Só milagre salva o país

Hannah Arendt parece falar do Brasil de hoje quando pergunta: ‘Será que a política ainda tem de algum modo um sentido?’

Nem será preciso pedir licença à Ciência. O conceito de milagre na política se origina de articulações de Hannah Arendt e se aplica ao nosso horror cotidiano. Inquietante é precisar da esperança de vê-lo surgir neste momento. Um lado kleiniano me cobra: a expectativa do milagre é o reverso de uma penosa situação.

Não era para dar certo, mas o milagre da vida surgiu contra as “impossibilidades infinitas”. Nas ocupações humanas, além do acaso natural, há um fabricante do milagre: o homem é bem dotado para fazê-lo. Não exatamente um milagre econômico, que dispensou a democracia, ou o fraudulento milagre lulopetista, que usaria a democracia para não exercê-la de forma republicana.

A desastrada Dilma Rousseff foi um milagre negativo, que detonou o projeto petista de perpetuação no poder. Deslegitimou-o com má gestão e produziu grave crise econômica.

O impeachment abortou de Brasília alguns dos piores inimigos íntimos da democracia, mas outros iriam surgir em seguida.

E o que dizer do acaso da descoberta do doleiro Alberto Youssef, causando a Operação Lava-Jato, despertando a ação dos procuradores e juízes, os integrantes da Polícia Federal — todos atentos à investigação do que se passa nos porões da República brasileira.

Estes milagres anunciam os que virão para reconstruir a política. Aliás, o que ainda dizer das inexplicáveis manifestações de junho de 2013 em todo o Brasil?

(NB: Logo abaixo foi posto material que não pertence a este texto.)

Definition first_step_supersol (g : T -> \bar R) : Prop :=
  (forall x, 0 <= g x) /\ forall x, 1 + jump_sum g x <= g x * (o x)%:E.

Lemma le_jump_sum (f g : T -> \bar R) : (forall x, 0 <= f x) ->
  (forall x, f x <= g x) -> forall x, jump_sum f x <= jump_sum g x.
Proof. by move=> f_ge0 le_fg x; apply: le_esum => y _; rewrite lee_wpmul2l ?lee_fin. Qed.

Lemma jump_sum_ge0 (f : T -> \bar R) : (forall x, 0 <= f x) -> forall x, 0 <= jump_sum f x.
Proof. by move=> f_ge0 x; apply: esum_ge0 => y _; rewrite mule_ge0 ?lee_fin. Qed.

Lemma mule_oK (z : \bar R) (x : T) : z * (o x)%:E * ((o x)^-1)%:E = z.
Proof. by rewrite -muleA -EFinM mulfV ?mule1 ?gt_eqF. Qed.

Lemma mule_oVK (z : \bar R) (x : T) : z * ((o x)^-1)%:E * (o x)%:E = z.
Proof. by rewrite -muleA -EFinM mulVf ?mule1 ?gt_eqF. Qed.

(* The pointwise infimum of all supersolutions is a fixed point of
   [f |-> (1 + jump_sum f) / o], by monotonicity (Knaster-Tarski). *)
Lemma first_step_sol_le_supersol (g : T -> \bar R) : first_step_supersol g ->
  exists2 f, first_step_sol f & forall x, f x <= g x.
Proof.
move=> g_super.
pose fs x := ereal_inf [set f x | f in first_step_supersol].
pose next x := (1 + jump_sum fs x) * ((o x)^-1)%:E.
have fs_le f x : first_step_supersol f -> fs x <= f x.
  by move=> f_super; apply: ereal_inf_lbound; exists f.
have fs_ge0 x : 0 <= fs x.
  by apply/ereal_infP => _ [f [f_ge0 _] <-].
have oV_ge0 x : 0 <= ((o x)^-1)%:E by rewrite lee_fin invr_ge0 ltW.
have next_ge0 x : 0 <= next x by rewrite mule_ge0 ?adde_ge0 ?jump_sum_ge0.
have next_le_fs x : next x <= fs x.
  apply/ereal_infP => _ [f [f_ge0 f_super] <-].
  rewrite -(mule_oK (f x) x); apply: lee_wpmul2r => //; apply: le_trans _ (f_super x).
  by apply: leeD2l; apply: le_jump_sum => // y; apply: fs_le.
have next_super : first_step_supersol next.
  by split=> // x; rewrite [next x]/next mule_oVK; apply/leeD2l/le_jump_sum.
have fsE x : fs x = next x by apply: le_anti; rewrite next_le_fs fs_le.
exists fs; last by move=> x; apply: fs_le.
by split=> // x; rewrite fsE /next mule_oVK.
Qed.

Lemma minimal_sol_le_supersol {h g : T -> \bar R} :
  (forall f, first_step_sol f -> forall x, h x <= f x) ->
  first_step_supersol g -> forall x, h x <= g x.
Proof.
move=> h_min /first_step_sol_le_supersol [f f_sol le_fg] x.
exact: le_trans (h_min f f_sol x) (le_fg x).
Qed.

End FirstStepEquations.

Section QueueModel.
Context {R : realType} {l : nat}.
Implicit Types (x : state l) (a b j q : 'I_l.+1).

Lemma ncomp_inc_st x a q j b :
  ncomp (inc_st x a q) j b = (ncomp x j b + (compat a j && (b == q)))%N.
Proof.
have -> : nat_of_bool (compat a j && (b == q)) =
          (\sum_(c < l.+1) (if compat c j then nat_of_bool ((c, b) == (a, q)) else 0))%N.
  rewrite (bigD1 a) //= big1 => [|c ca]; last by rewrite xpair_eqE (negPf ca); case: ifP.
  by rewrite xpair_eqE eqxx addn0; case: compat.
by rewrite /ncomp -big_split; apply: eq_bigr => c _; rewrite ffunE; case: ifP.
Qed.

Lemma pmatch_ge0 x j a b : 0 <= pmatch x j a b :> R.
Proof. by rewrite /pmatch; case: ifP => // _; rewrite divr_ge0. Qed.

Lemma share_ge0 x i q a b : 0 <= share x i q a b :> R.
Proof. by rewrite /share; case: ifP => // _; rewrite divr_ge0. Qed.

Lemma sum_pmatch_queue x j b :
  \sum_a pmatch x j a b = (reaches x j b && (0 < ncomp x j b)%N)%:R :> R.
Proof.
rewrite /pmatch; case: (boolP (reaches x j b && _)) => [/andP[_ pos]|_]; last first.
  by apply: big1 => a _; rewrite andbF.
transitivity ((ncomp x j b)%:R / (ncomp x j b)%:R : R).
  rewrite {2}/ncomp natr_sum mulr_suml.
  by apply: eq_bigr => a _; rewrite andbT; case: compat; rewrite ?mul0r.
by rewrite mulfV // pnatr_eq0 -lt0n.
Qed.

Lemma sum_pmatch x j :
  \sum_a \sum_b pmatch x j a b =
  ((0 < ncomp x j j)%N || (0 < ncomp x j ord0)%N)%:R :> R.
Proof.
rewrite exchange_big /=; under eq_bigr => b _ do rewrite sum_pmatch_queue.
have [->|j_neq0] := eqVneq j ord0.
  rewrite orbb (bigD1 ord0) //= big1 ?addr0 => [|b /negPf b_neq0]; last first.
    by rewrite /reaches b_neq0.
  by rewrite /reaches ?eqxx.
rewrite (bigD1 j) //= (bigD1 ord0) 1?eq_sym //= big1 ?addr0 => [|b /andP[/negPf bj /negPf b0]];
  last by rewrite /reaches bj b0.
rewrite /reaches eqxx (eq_sym ord0 j) (negPf j_neq0) /=.
by case: (posnP (ncomp x j j)) => [_|_] /=; rewrite ?add0r ?addr0.
Qed.

Lemma compat_refl j : compat j j.
Proof. by rewrite /compat eqxx orbT. Qed.

Section TaggedAgent.
Context {mu : 'I_l.+1 -> R} {i : 'I_l.+1}.
Hypothesis i_neq0 : i != ord0.

Lemma compat_specialized j : j != i -> compat i j = false.
Proof. by move=> ji; rewrite /compat (negPf i_neq0) eq_sym (negPf ji). Qed.

Section OthersState.
Variable x : state l.

(* [pmatch] on the full state counts the tagged agent among the (i, q) agents;
   [pmatch_other] only counts the others. *)
Definition pmatch_other q j a b : R := pmatch (inc_st x i q) j a b * share x i q a b.

Definition ptag q : R := pmatch (inc_st x i q) i i q / (x (i, q)).+1%:R.

Lemma pmatch_otherE q j a b : pmatch_other q j a b =
  if [&& compat a j, reaches (inc_st x i q) j b & (0 < ncomp (inc_st x i q) j b)%N]
  then (x (a, b))%:R / (ncomp (inc_st x i q) j b)%:R else 0.
Proof.
rewrite /pmatch_other /pmatch; case: ifP => _; last by rewrite mul0r.
rewrite /share ffunE; case: eqP => [[-> ->]|_]; last by rewrite addn0 mulr1.
by rewrite addn1 mulrC mulrA divfK // pnatr_eq0.
Qed.

Lemma pmatch_other_ge0 q j a b : 0 <= pmatch_other q j a b.
Proof. by rewrite mulr_ge0 ?pmatch_ge0 ?share_ge0. Qed.

Lemma pmatch_other_eq0 q j a b : x (a, b) = 0%N -> pmatch_other q j a b = 0.
Proof. by move=> xab0; rewrite pmatch_otherE xab0 mul0r; case: ifP. Qed.

Lemma pmatch_other_specialized q j a b : j != i -> pmatch_other q j a b = pmatch x j a b.
Proof.
move=> ji; rewrite pmatch_otherE /pmatch /reaches !ncomp_inc_st compat_specialized //.
by rewrite !addn0.
Qed.

Definition other_jobs_rate a b : R := \sum_(j | j != i) mu j * pmatch x j a b.

Lemma mrate_shareE q a b : mrate mu (inc_st x i q) a b * share x i q a b =
  mu i * pmatch_other q i a b + other_jobs_rate a b.
Proof.
rewrite /mrate mulr_suml (bigD1 i) //=; congr (_ + _); first by rewrite -mulrA.
apply: eq_bigr => j ji.
by rewrite -mulrA -/(pmatch_other q j a b) pmatch_other_specialized.
Qed.

Lemma tag_mrateE q : mrate mu (inc_st x i q) i q / (x (i, q)).+1%:R = mu i * ptag q.
Proof.
rewrite /mrate (bigD1 i) //= big1 ?addr0 => [|j ji]; first by rewrite mulrA.
by rewrite /pmatch compat_specialized // mulr0.
Qed.

Lemma sum_pmatch_other q :
  \sum_a \sum_b pmatch_other q i a b + ptag q = \sum_a \sum_b pmatch (inc_st x i q) i a b.
Proof.
rewrite !pair_bigA /= [RHS](bigD1 (i, q)) //= [in LHS](bigD1 (i, q)) //= addrAC.
congr (_ + _); last by apply: eq_bigr => -[a b] abiq; rewrite /pmatch_other /share (negPf abiq) mulr1.
rewrite /pmatch_other /ptag /share eqxx -natr1.
by field; rewrite natr1 pnatr_eq0.
Qed.

Lemma ptag_ge0 q : 0 <= ptag q.
Proof. by rewrite divr_ge0 ?pmatch_ge0. Qed.

Lemma match_prob_own : \sum_a \sum_b pmatch_other i i a b + ptag i = 1.
Proof. by rewrite sum_pmatch_other sum_pmatch ncomp_inc_st compat_refl eqxx addn1. Qed.

Lemma match_prob_le1 q : \sum_a \sum_b pmatch_other q i a b + ptag q <= 1.
Proof. by rewrite sum_pmatch_other sum_pmatch lern1 leq_b1. Qed.

Lemma pmatch_other_le q a b : q != i -> pmatch_other i i a b <= pmatch_other q i a b.
Proof.
move=> qi; rewrite [X in X <= _]pmatch_otherE.
case: ifP => [/and3P[ca reach _]|_]; last exact: pmatch_other_ge0.
have {reach} -> : b = i.
  by move: reach; rewrite /reaches ncomp_inc_st compat_refl eqxx addn1 andbF orbF => /eqP.
rewrite pmatch_otherE /reaches ca eqxx !ncomp_inc_st compat_refl eqxx (eq_sym i q) (negPf qi).
rewrite addn1 addn0 /=; case: (posnP (ncomp x i i)) => [n0|n_gt0].
  suff -> : x (a, i) = 0%N by rewrite mul0r.
  by apply/eqP; rewrite -leqn0 -n0 /ncomp (bigD1 a) //= ca leq_addr.
by rewrite ler_wpM2l // lef_pV2 ?posrE ?ltr0n // ler_nat.
Qed.

End OthersState.

Section TaggedChain.
Context {lam : 'I_l.+1 -> R} {theta : R} {sigma : 'I_l.+1 -> 'I_l.+1 -> R}.
Hypotheses (lam_gt0 : forall a, 0 < lam a) (mu_gt0 : forall j, 0 < mu j)
  (theta_gt0 : 0 < theta) (sigma_ge0 : forall a q, 0 <= sigma a q).

Local Notation Qtag q := (Qtag lam mu theta sigma i q).
Local Notation out_tag q := (out_tag lam mu theta sigma i q).

Definition dep_rate q x a b : R :=
  theta * (x (a, b))%:R + mrate mu (inc_st x i q) a b * share x i q a b.

Lemma dep_rate_if q x a b :
  (if (0 < x (a, b))%N then dep_rate q x a b else 0) = dep_rate q x a b.
Proof.
case: (posnP (x (a, b))) => // xab0.
rewrite /dep_rate xab0 mulr0 add0r /mrate mulr_suml big1 // => j _.
by rewrite -mulrA -/(pmatch_other x q j a b) pmatch_other_eq0 ?mulr0.
Qed.

Lemma dep_rateE q x a b : dep_rate q x a b =
  theta * (x (a, b))%:R + other_jobs_rate x a b + mu i * pmatch_other x q i a b.
Proof. by rewrite /dep_rate mrate_shareE //; ring. Qed.

Lemma arrival_rate_ge0 a b : 0 <= lam a * sigma a b.
Proof. by rewrite mulr_ge0 // ltW. Qed.

Lemma dep_rate_ge0 q x a b : 0 <= dep_rate q x a b.
Proof.
rewrite dep_rateE !addr_ge0 //.
- by rewrite mulr_ge0 ?ler0n ?ltW.
- by apply: sumr_ge0 => j _; rewrite mulr_ge0 ?pmatch_ge0 ?ltW ?mu_gt0.
- by rewrite mulr_ge0 ?pmatch_other_ge0 ?ltW ?mu_gt0.
Qed.

Lemma QtagE q x y : Qtag q x y = \sum_a \sum_b
  ((if y == inc_st x a b then lam a * sigma a b else 0) +
   (if y == dec_st x a b then dep_rate q x a b else 0)).
Proof.
apply: eq_bigr => a _; apply: eq_bigr => b _; congr (_ + _).
by rewrite -[in RHS]dep_rate_if; case: (0 < _)%N; case: (y == _).
Qed.

Lemma Qtag_ge0 q x y : 0 <= Qtag q x y.
Proof.
rewrite QtagE; apply: sumr_ge0 => a _; apply: sumr_ge0 => b _.
by rewrite addr_ge0 //; case: ifP; rewrite ?arrival_rate_ge0 ?dep_rate_ge0.
Qed.

Lemma out_tagE q x : out_tag q x =
  \sum_a \sum_b (lam a * sigma a b + dep_rate q x a b) + (theta + mu i * ptag x q).
Proof.
rewrite /Defs.out_tag /tag_exit tag_mrateE //; congr (_ + _).
by apply: eq_bigr => a _; apply: eq_bigr => b _; rewrite dep_rate_if.
Qed.

Lemma out_tag_gt0 q x : 0 < out_tag q x.
Proof.
rewrite out_tagE; apply: ltr_wpDl.
  apply: sumr_ge0 => a _; apply: sumr_ge0 => b _.
  by rewrite addr_ge0 ?arrival_rate_ge0 ?dep_rate_ge0.
by apply: ltr_pwDl; rewrite // mulr_ge0 ?ptag_ge0 ?ltW ?mu_gt0.
Qed.

Definition next_sum q x (g : state l -> R) : R := \sum_a \sum_b
  (lam a * sigma a b * g (inc_st x a b) + dep_rate q x a b * g (dec_st x a b)).

Lemma jump_sum_Qtag q x (g : state l -> R) : (forall y, 0 <= g y) ->
  jump_sum (Qtag q) (fun y => (g y)%:E) x = (next_sum q x g)%:E.
Proof.
move=> g_ge0.
pose arrive (p : 'I_l.+1 * 'I_l.+1) := lam p.1 * sigma p.1 p.2.
pose depart (p : 'I_l.+1 * 'I_l.+1) := dep_rate q x p.1 p.2.
have QtagEp y : ((Qtag q x y)%:E * (g y)%:E =
    (\sum_p (if y == inc_st x p.1 p.2 then arrive p else 0))%:E * (g y)%:E +
    (\sum_p (if y == dec_st x p.1 p.2 then depart p else 0))%:E * (g y)%:E)%E.
  by rewrite -!EFinM -EFinD QtagE pair_bigA big_split /= mulrDl.
have arrive_ge0 p : 0 <= arrive p by apply: arrival_rate_ge0.
have depart_ge0 p : 0 <= depart p by apply: dep_rate_ge0.
have term_ge0 (c : 'I_l.+1 * 'I_l.+1 -> R) z y : (forall p, 0 <= c p) ->
    (0 <= (\sum_p (if y == z p then c p else 0))%:E * (g y)%:E)%E.
  by move=> c_ge0; rewrite -EFinM lee_fin mulr_ge0 ?sumr_ge0 // => p _; case: ifP.
rewrite /jump_sum (eq_esum (fun y _ => QtagEp y)) esumD;
  try by move=> y _; apply: term_ge0.
rewrite !esum_point_masses // /next_sum pair_bigA -!sumEFin -big_split /=.
by apply: eq_bigr => p _; rewrite -!EFinM -EFinD.
Qed.

Lemma own_queue_supersol q x (g : state l -> R) : q != i -> (forall y, 0 <= g y) ->
  g x * out_tag q x = 1 + next_sum q x g -> 1 + next_sum i x g <= g x * out_tag i x.
Proof.
move=> qi g_ge0.
pose other_rate a b := theta * (x (a, b))%:R + other_jobs_rate x a b.
pose base := \sum_a \sum_b
  (lam a * sigma a b * g (inc_st x a b) + other_rate a b * g (dec_st x a b)).
pose rest := \sum_a \sum_b (lam a * sigma a b + other_rate a b) + theta.
pose to_others q' := \sum_a \sum_b pmatch_other x q' i a b * g (dec_st x a b).
pose match_prob q' := \sum_a \sum_b pmatch_other x q' i a b + ptag x q'.
have next_sumE q' : next_sum q' x g = base + mu i * to_others q'.
  rewrite /base /to_others mulr_sumr -big_split; apply: eq_bigr => a _ /=.
  by rewrite mulr_sumr -big_split; apply: eq_bigr => b _ /=; rewrite dep_rateE /other_rate; ring.
have out_tagE' q' : out_tag q' x = rest + mu i * match_prob q'.
  rewrite out_tagE; suff -> : \sum_a \sum_b (lam a * sigma a b + dep_rate q' x a b) =
            \sum_a \sum_b (lam a * sigma a b + other_rate a b) +
            mu i * \sum_a \sum_b pmatch_other x q' i a b.
    by rewrite /rest /match_prob; ring.
  rewrite mulr_sumr -big_split; apply: eq_bigr => a _ /=.
  by rewrite mulr_sumr -big_split; apply: eq_bigr => b _ /=; rewrite dep_rateE /other_rate; ring.
have le_to_others : mu i * to_others i <= mu i * to_others q.
  apply: ler_wpM2l; first exact: ltW.
  apply: ler_sum => a _; apply: ler_sum => b _.
  by apply: ler_wpM2r; rewrite ?pmatch_other_le.
have le_match_prob : g x * (mu i * match_prob q) <= g x * (mu i * 1).
  apply: ler_wpM2l; first exact: g_ge0.
  by apply: ler_wpM2l; [exact: ltW | exact: match_prob_le1].
rewrite !next_sumE !out_tagE' [match_prob i]match_prob_own // => eq_q.
rewrite mulrDr in eq_q le_match_prob *; lra.
Qed.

Ao descrédito dos políticos se opõe a dignidade da política, o valor do agir, aquele que, de forma consciente ou não, provoca um processo. A emergência súbita do novo, na percepção histórica de Hannah Arendt, se dá de forma inesperada, imprevisível e, por fim, inexplicável para o raciocínio causal: passa a “figurar como um milagre na conexão dos acontecimentos previsíveis”.

A pensadora alemã, morta em 1975, parece falar do Brasil de hoje, quando pergunta: “Será que a política ainda tem de algum modo um sentido?” Esta questão lhe foi despertada pelo desastre que a política já provocou e ainda é capaz de causar.

Confundir a política com políticos brasileiros da atualidade — de todos os partidos —, ou com a aliança espúria, promíscua e sistêmica com setores do grande capital, que tomou de assalto o Estado, é o mesmo que enterrar a esperança e desacreditar do milagre. De alguma maneira, o cinismo e o descrédito tornam-se cúmplices do que se pretende combater.

Não é por acaso que foi lembrada recentemente a frase do pensador italiano Antonio Gramsci: “O velho resiste em morrer, e o novo não consegue nascer”. Mas este já está em gestação, enquanto aquele prepara o funeral.
Mas o tempo da vida e da morte tem seu próprio critério, e não depende de pressa ou angústia. Não é preciso acreditar em milagre religioso ou sobrenatural — mas rezar menos e agir mais. Há um processo em andamento, homens em ação, aptos a provocar e resgatar a dignidade na política, a ética na gestão. A vida pulsa e reage a seus inimigos. Na ação, os homens, portando bandeira ética, são “aptos a realizar o improvável e o imprevisível”, como diria Arendt.